WHAT TO DO:
Give back each line of the listing below that contains the string "with".

MATERIAL PROVIDED:
Definition Con_strongly_stone (S : signature) (A : algebra S) : Prop :=
  strongly_stone (@is_congruence S A) (@releq A)
    (@cg_meet S A) (@cg_join S A) (@cg_bot S A) (@cg_top S A).

(* Con(A)/==_A is strongly Stone: elements are classes [th], with
   [th] /\ [ze] = [th /\ ze], [th] \/ [ze] = [th \/ ze], 0 = [Delta], 1 = [Nabla]. *)
Definition Con_quot_strongly_stone (S : signature) (A : algebra S) : Prop :=
  strongly_stone (@is_congruence S A) (@cg_equiv S A)
    (@cg_meet S A) (@cg_join S A) (@cg_bot S A) (@cg_top S A).

(* Since A is semiprime, a congruence that is ==_A-equivalent to Delta_A equals
   Delta_A, so Con(A) and Con(A)/==_A have the same annihilators.  A
   complemented e with Ann(U) = (e] in Con(A) therefore does the same job in the
   quotient; conversely, rho(e) does it in Con(A), with complement rho(f),
   because rho(th) = Nabla forces th = Nabla.
   That last fact means every proper congruence lies below a prime one.  By Zorn's
   lemma it suffices that the union of a chain of proper congruences is proper and
   that maximal congruences are prime.  Both reduce to semi-degeneracy, which
   forbids a nontrivial algebra with a one-element subalgebra in the variety: a
   reduced power of A along the chain, resp. a quotient of the algebra A(Nabla)
   of pairs, would be one.  For maximal congruences this uses the term-condition
   calculus with Delta_{al,be}, which is available in congruence-modular
   varieties through the shifting lemma. *)

From mathcomp Require Import all_boot.
From mathcomp Require boolp classical_sets.
From Stdlib Require Import FunctionalExtensionality PropExtensionality ProofIrrelevance.
From Stdlib Require Import ClassicalEpsilon Classical.
Set Implicit Arguments.
Unset Strict Implicit.
Unset Printing Implicit Defensive.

EXPECTED OUTPUT:
(* Con(A)/==_A is strongly Stone: elements are classes [th], with
   complemented e with Ann(U) = (e] in Con(A) therefore does the same job in the
   quotient; conversely, rho(e) does it in Con(A), with complement rho(f),
   forbids a nontrivial algebra with a one-element subalgebra in the variety: a
   calculus with Delta_{al,be}, which is available in congruence-modular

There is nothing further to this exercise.